> _AVAILABLE DATA_
Lemma Rpower_second_diff_le X h g :
  1 <= g -> 0 < h <= X ->
  Rabs (Rpower (X + 2 * h) g - Rpower (X + h) g - (Rpower (X + h) g - Rpower X g))
  <= g * (g - 1) * Rpower 3 (Rabs (g - 2)) * h ^ 2 * Rpower (X + 2 * h) (g - 2).
Proof.
  intros Hg Hh.
  set (D := fun x => Rpower (x + h) g - Rpower x g).
  set (dD := fun x => g * Rpower (x + h) (g - 1) - g * Rpower x (g - 1)).
  destruct (MVT_gen D X (X + h) dD) as [xi [Hxi E]].
  - intros z Hz. rewrite Rmin_left in Hz by lra.
    apply (is_derive_minus (fun x => Rpower (x + h) g) (fun x => Rpower x g));
      [|apply is_derive_Rpower; lra].
    replace (g * Rpower (z + h) (g - 1)) with (scal 1 (g * Rpower (z + h) (g - 1)))
      by (unfold scal; simpl; unfold mult; simpl; ring).
    apply (is_derive_comp (fun y => Rpower y g) (fun x => x + h));
      [apply is_derive_Rpower; lra | auto_derive; auto].
  - intros z Hz. rewrite Rmin_left in Hz by lra. unfold D.
    apply continuity_pt_minus; [|apply continuity_pt_Rpower; lra].
    apply (continuity_pt_comp (fun x => x + h) (fun y => Rpower y g));
      [|apply continuity_pt_Rpower; lra].
    apply continuity_pt_plus; [apply continuity_pt_id | apply continuity_pt_const; intros ? ?; reflexivity].
  - rewrite Rmin_left, Rmax_right in Hxi by lra.
    unfold D, dD in E. replace (X + h + h) with (X + 2 * h) in E by ring.
    replace (X + h - X) with h in E by ring.
    destruct (Rpower_MVT xi (xi + h) (g - 1)) as [eta [Heta E2]]; try lra.
    replace (Rpower (X + 2 * h) g - Rpower (X + h) g - (Rpower (X + h) g - Rpower X g))
      with (g * (Rpower (xi + h) (g - 1) - Rpower xi (g - 1)) * h) by (rewrite E; ring).
    rewrite E2. replace (xi + h - xi) with h by ring. replace (g - 1 - 1) with (g - 2) by ring.
    assert (Hc := Rpower_le_comparable eta (X + 2 * h) 3 (g - 2) ltac:(lra) ltac:(lra)
                     ltac:(lra) ltac:(lra)).
    assert (0 < Rpower eta (g - 2)) by apply Rpower_pos.
    assert (0 <= g * (g - 1)) by nra.
    assert (0 < h ^ 2) by (apply pow_lt; lra).
    replace (g * ((g - 1) * Rpower eta (g - 2) * h) * h)
      with ((g * (g - 1) * h ^ 2) * Rpower eta (g - 2)) by ring.
    rewrite Rabs_right by (apply Rle_ge; apply Rmult_le_pos; nra).
    replace (g * (g - 1) * Rpower 3 (Rabs (g - 2)) * h ^ 2 * Rpower (X + 2 * h) (g - 2))
      with ((g * (g - 1) * h ^ 2) * (Rpower 3 (Rabs (g - 2)) * Rpower (X + 2 * h) (g - 2))) by ring.
    apply Rmult_le_compat_l; [nra | exact Hc].
Qed.

Section GradedMesh.
Variables (T g : R) (N : nat).
Hypotheses (HT : 0 < T) (Hg : 1 <= g) (HN : (1 <= N)%nat).

Local Notation tau := (mesh_tau T g N).

Lemma mesh_tau_pos : 0 < tau.
Proof. apply Rdiv_lt_0_compat; [apply Rpower_pos | apply lt_0_INR; lia]. Qed.

Lemma mesh_Rpower j : (1 <= j)%nat -> mesh T g N j = Rpower (INR j * tau) g.
Proof. intros H. destruct j; [lia | reflexivity]. Qed.

Lemma mesh_pos j : (1 <= j)%nat -> 0 < mesh T g N j.
Proof. intros H. rewrite mesh_Rpower by auto. apply Rpower_pos. Qed.

Lemma mesh_lt j k : (j < k)%nat -> mesh T g N j < mesh T g N k.
Proof.
  intros Hjk. assert (Ht := mesh_tau_pos).
  destruct j; [apply mesh_pos; lia|].
  rewrite !mesh_Rpower by lia. apply Rlt_Rpower_l; [lra|]. split.
  - apply Rmult_lt_0_compat; [apply lt_0_INR; lia | exact Ht].
  - apply Rmult_lt_compat_r; [exact Ht | apply lt_INR; lia].
Qed.

Lemma mesh_le j k : (j <= k)%nat -> mesh T g N j <= mesh T g N k.
Proof.
  intros Hjk. destruct (Nat.eq_dec j k) as [->|]; [lra|]. left. apply mesh_lt. lia.
Qed.

Lemma mesh_nonneg j : 0 <= mesh T g N j.
Proof. destruct j; [simpl; lra | left; apply mesh_pos; lia]. Qed.

Lemma mesh_last : mesh T g N N = T.
Proof.
  rewrite mesh_Rpower by auto. unfold mesh_tau.
  replace (INR N * (Rpower T (/ g) / INR N)) with (Rpower T (/ g))
    by (field; apply not_0_INR; lia).
  rewrite Rpower_mult. replace (/ g * g) with 1 by (field; lra). apply Rpower_1, HT.
Qed.

Lemma mesh_le_T j : (j <= N)%nat -> mesh T g N j <= T.
Proof. intros H. rewrite <- mesh_last at 2. apply mesh_le, H. Qed.

Lemma mesh_cell_in_domain n s :
  (1 <= n <= N)%nat -> mesh T g N (n - 1) <= s <= mesh T g N n -> 0 <= s <= T.
Proof.
  intros Hn Hs. pose proof (mesh_nonneg (n - 1)). pose proof (mesh_le_T n ltac:(lia)). lra.
Qed.

Lemma mesh_step j :
  (1 <= j)%nat ->
  mesh T g N j - mesh T g N (j - 1) <= g * tau * Rpower (INR j * tau) (g - 1).
Proof.
  intros Hj. assert (Ht := mesh_tau_pos).
  destruct (Nat.eq_dec j 1) as [->|Hj1].
  - simpl (1 - 1)%nat. rewrite mesh_Rpower by lia. simpl (INR 1). rewrite Rmult_1_l.
    replace (Rpower tau g) with (Rpower tau (1 + (g - 1))) by (f_equal; ring).
    rewrite Rpower_plus, Rpower_1 by exact Ht. simpl mesh.
    assert (0 < Rpower tau (g - 1)) by apply Rpower_pos.
    assert (0 <= (g - 1) * (tau * Rpower tau (g - 1))) by (apply Rmult_le_pos; nra).
    nra.
  - rewrite !mesh_Rpower by lia. rewrite minus_INR by lia. simpl (INR 1).
    assert (HI : 1 <= INR j - 1).
    { assert (2 <= INR j) by (replace 2 with (INR 2) by (simpl; ring); apply le_INR; lia). lra. }
    destruct (Rpower_MVT ((INR j - 1) * tau) (INR j * tau) g) as [xi [Hxi E]];
      [apply Rmult_lt_0_compat; lra | nra |].
    rewrite E. replace (INR j * tau - (INR j - 1) * tau) with tau by ring.
    assert (0 < (INR j - 1) * tau) by (apply Rmult_lt_0_compat; lra).
    assert (Rpower xi (g - 1) <= Rpower (INR j * tau) (g - 1)) by (apply Rle_Rpower_l; lra).
    replace (g * Rpower xi (g - 1) * tau) with ((g * tau) * Rpower xi (g - 1)) by ring.
    apply Rmult_le_compat_l; [nra | assumption].
Qed.

Lemma mesh_prev_step j :
  (2 <= j)%nat ->
  mesh T g N (j - 1) - mesh T g N (j - 2) <= g * tau * Rpower (INR j * tau) (g - 1).
Proof.
  intros Hj. assert (Ht := mesh_tau_pos).
  replace (j - 2)%nat with (j - 1 - 1)%nat by lia.
  eapply Rle_trans; [apply (mesh_step (j - 1)); lia|].
  apply Rmult_le_compat_l; [nra|]. apply Rle_Rpower_l; [lra|].
  split; [apply Rmult_lt_0_compat; [apply lt_0_INR; lia | lra]|].
  apply Rmult_le_compat_r; [lra | apply le_INR; lia].
Qed.

Lemma mesh_ratio i j :
  (1 <= i)%nat -> (j <= 3 * i)%nat -> mesh T g N j <= Rpower 3 g * mesh T g N i.
Proof.
  intros Hi Hj. assert (Ht := mesh_tau_pos).
  assert (0 < Rpower 3 g * mesh T g N i) by (apply Rmult_lt_0_compat; [apply Rpower_pos | apply mesh_pos, Hi]).
  destruct j; [simpl; lra|].
  rewrite !mesh_Rpower, Rpower_mult_distr by (lia || lra || (apply Rmult_lt_0_compat; [apply lt_0_INR; lia | lra])).
  apply Rle_Rpower_l; [lra|]. split; [apply Rmult_lt_0_compat; [apply lt_0_INR; lia | lra]|].
  assert (INR (S j) <= 3 * INR i).
  { replace 3 with (INR 3) by (simpl; ring). rewrite <- mult_INR. apply le_INR. lia. }
  nra.
Qed.


Lemma mesh_second_diff j :
  (3 <= j)%nat ->
  Rabs ((mesh T g N j - mesh T g N (j - 1)) - (mesh T g N (j - 1) - mesh T g N (j - 2)))
  <= g * (g - 1) * Rpower 3 (Rabs (g - 2)) * tau ^ 2 * Rpower (INR j * tau) (g - 2).
Proof.
  intros Hj. assert (Ht := mesh_tau_pos).
  assert (HJ : 3 <= INR j) by (replace 3 with (INR 3) by (simpl; ring); apply le_INR; lia).
  rewrite !mesh_Rpower by lia. rewrite !minus_INR by lia. simpl (INR 1). simpl (INR 2).
  replace ((INR j - 1) * tau) with ((INR j - (1 + 1)) * tau + tau) by ring.
  replace (INR j * tau) with ((INR j - (1 + 1)) * tau + 2 * tau) by ring.
  apply Rpower_second_diff_le; [exact Hg | split; [exact Ht | nra]].
Qed.

End GradedMesh.

(* The factors [Rpower 3 g] bound ratios of mesh points up to three cells apart ([mesh_ratio]). *)
Definition interp_const (sigma g Cu : R) : R :=
  2 * (Cu / sigma) + Cu * Rpower (Rpower 3 g) (Rabs (sigma - 2)) * g ^ 2.

Definition interp_diff_const (sigma g Cu : R) : R :=
  Cu * (Rpower (Rpower 3 g) (Rabs (sigma - 3)) * g ^ 3
        + g * (g - 1) * Rpower 3 (Rabs (g - 2)) * Rpower (Rpower 3 g) (Rabs (sigma - 2)) * g).

Lemma interp_const_nonneg sigma g Cu : 0 < sigma -> 0 <= g -> 0 <= Cu -> 0 <= interp_const sigma g Cu.
Proof.
  intros Hs Hg HCu. unfold interp_const.
  assert (0 <= Cu / sigma) by (apply Rdiv_le_0_compat; lra).
  assert (0 < Rpower (Rpower 3 g) (Rabs (sigma - 2))) by apply Rpower_pos.
  assert (0 <= g ^ 2) by (apply pow_le; lra).
  assert (0 <= Cu * Rpower (Rpower 3 g) (Rabs (sigma - 2)) * g ^ 2) by (apply Rmult_le_pos; nra).
  lra.
Qed.

Lemma interp_diff_const_nonneg sigma g Cu : 1 <= g -> 0 <= Cu -> 0 <= interp_diff_const sigma g Cu.
Proof.
  intros Hg HCu. unfold interp_diff_const. apply Rmult_le_pos; [lra|].
  assert (0 < Rpower (Rpower 3 g) (Rabs (sigma - 3))) by apply Rpower_pos.
  assert (0 < Rpower (Rpower 3 g) (Rabs (sigma - 2))) by apply Rpower_pos.
  assert (0 < Rpower 3 (Rabs (g - 2))) by apply Rpower_pos.
  assert (0 <= g ^ 3) by (apply pow_le; lra).
  assert (0 <= g * (g - 1)) by nra.
  assert (0 <= g * (g - 1) * Rpower 3 (Rabs (g - 2)) * Rpower (Rpower 3 g) (Rabs (sigma - 2)) * g)
    by (repeat apply Rmult_le_pos; nra).
  nra.
Qed.

Section LocalErrors.
Variables (V : NormedModule R_AbsRing) (T sigma g Cu : R) (f f1 f2 f3 : R -> V) (N : nat).
Hypotheses (HT : 0 < T) (Hsigma : 0 < sigma) (Hg : 1 <= g) (HCu : 0 <= Cu) (HN : (1 <= N)%nat).
Hypothesis Hf : forall z, continuous f z.
Hypothesis Hf1 : forall z, 0 < z < T -> is_derive f z (f1 z).
Hypothesis Hf2 : forall z, 0 < z < T -> is_derive f1 z (f2 z).
Hypothesis Hf3 : forall z, 0 < z < T -> is_derive f2 z (f3 z).
Hypothesis Hb1 : forall z, 0 < z < T -> norm (f1 z) <= Cu * Rpower z (sigma - 1).
Hypothesis Hb2 : forall z, 0 < z < T -> norm (f2 z) <= Cu * Rpower z (sigma - 2).
Hypothesis Hb3 : forall z, 0 < z < T -> norm (f3 z) <= Cu * Rpower z (sigma - 3).

Local Notation tau := (mesh_tau T g N).
Local Notation t := (mesh T g N).

Lemma increment_from_origin_le y :
  0 < y <= T -> norm (minus (f y) (f 0)) <= Cu / sigma * Rpower y sigma.
Proof.
  intros Hy.
  apply (le_at_right_limit (fun w => norm (minus (f y) (f w))) (fun _ => Cu / sigma * Rpower y sigma)).
  - apply (continuous_comp (fun w => minus (f y) (f w)) norm); [|apply filterlim_norm].
    apply (continuous_minus (fun _ => f y) f); [apply continuous_const | apply Hf].
  - apply continuous_const.
  - assert (Hy0 : 0 < y) by lra.
    exists (mkposreal y Hy0). intros w Hw Hw0. cbv beta in Hw0.
    change (Rabs (w - 0) < y) in Hw. rewrite Rminus_0_r, Rabs_right in Hw by lra.
    assert (0 <= Cu / sigma * Rpower w sigma)
      by (apply Rmult_le_pos; [apply Rdiv_le_0_compat; lra | left; apply Rpower_pos]).
    apply Rle_trans with (Cu / sigma * Rpower y sigma - Cu / sigma * Rpower w sigma); [|lra].
    apply (mean_value_ineq f f1 (fun z => Cu / sigma * Rpower z sigma)
             (fun z => Cu * Rpower z (sigma - 1))); [lra | intros; apply Hf | | | |].
    + intros z Hz. apply continuity_pt_filterlim.
      apply continuity_pt_scal, continuity_pt_Rpower. lra.
    + intros z Hz. apply Hf1. lra.
    + intros z Hz.
      replace (Cu * Rpower z (sigma - 1)) with (Cu / sigma * (sigma * Rpower z (sigma - 1)))
        by (field; lra).
      apply is_derive_scal, is_derive_Rpower. lra.
    + intros z Hz. apply Hb1. lra.
Qed.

> _TASK_
From the entries above, print the lines beginning at the one with "apply Rmult_le_compat_l; [nra | assumption]." and stopping after the one with "End GradedMesh.", exactly as written and with nothing else.

> _ANSWER BOX_
    apply Rmult_le_compat_l; [nra | assumption].
Qed.

Lemma mesh_prev_step j :
  (2 <= j)%nat ->
  mesh T g N (j - 1) - mesh T g N (j - 2) <= g * tau * Rpower (INR j * tau) (g - 1).
Proof.
  intros Hj. assert (Ht := mesh_tau_pos).
  replace (j - 2)%nat with (j - 1 - 1)%nat by lia.
  eapply Rle_trans; [apply (mesh_step (j - 1)); lia|].
  apply Rmult_le_compat_l; [nra|]. apply Rle_Rpower_l; [lra|].
  split; [apply Rmult_lt_0_compat; [apply lt_0_INR; lia | lra]|].
  apply Rmult_le_compat_r; [lra | apply le_INR; lia].
Qed.

Lemma mesh_ratio i j :
  (1 <= i)%nat -> (j <= 3 * i)%nat -> mesh T g N j <= Rpower 3 g * mesh T g N i.
Proof.
  intros Hi Hj. assert (Ht := mesh_tau_pos).
  assert (0 < Rpower 3 g * mesh T g N i) by (apply Rmult_lt_0_compat; [apply Rpower_pos | apply mesh_pos, Hi]).
  destruct j; [simpl; lra|].
  rewrite !mesh_Rpower, Rpower_mult_distr by (lia || lra || (apply Rmult_lt_0_compat; [apply lt_0_INR; lia | lra])).
  apply Rle_Rpower_l; [lra|]. split; [apply Rmult_lt_0_compat; [apply lt_0_INR; lia | lra]|].
  assert (INR (S j) <= 3 * INR i).
  { replace 3 with (INR 3) by (simpl; ring). rewrite <- mult_INR. apply le_INR. lia. }
  nra.
Qed.


Lemma mesh_second_diff j :
  (3 <= j)%nat ->
  Rabs ((mesh T g N j - mesh T g N (j - 1)) - (mesh T g N (j - 1) - mesh T g N (j - 2)))
  <= g * (g - 1) * Rpower 3 (Rabs (g - 2)) * tau ^ 2 * Rpower (INR j * tau) (g - 2).
Proof.
  intros Hj. assert (Ht := mesh_tau_pos).
  assert (HJ : 3 <= INR j) by (replace 3 with (INR 3) by (simpl; ring); apply le_INR; lia).
  rewrite !mesh_Rpower by lia. rewrite !minus_INR by lia. simpl (INR 1). simpl (INR 2).
  replace ((INR j - 1) * tau) with ((INR j - (1 + 1)) * tau + tau) by ring.
  replace (INR j * tau) with ((INR j - (1 + 1)) * tau + 2 * tau) by ring.
  apply Rpower_second_diff_le; [exact Hg | split; [exact Ht | nra]].
Qed.

End GradedMesh.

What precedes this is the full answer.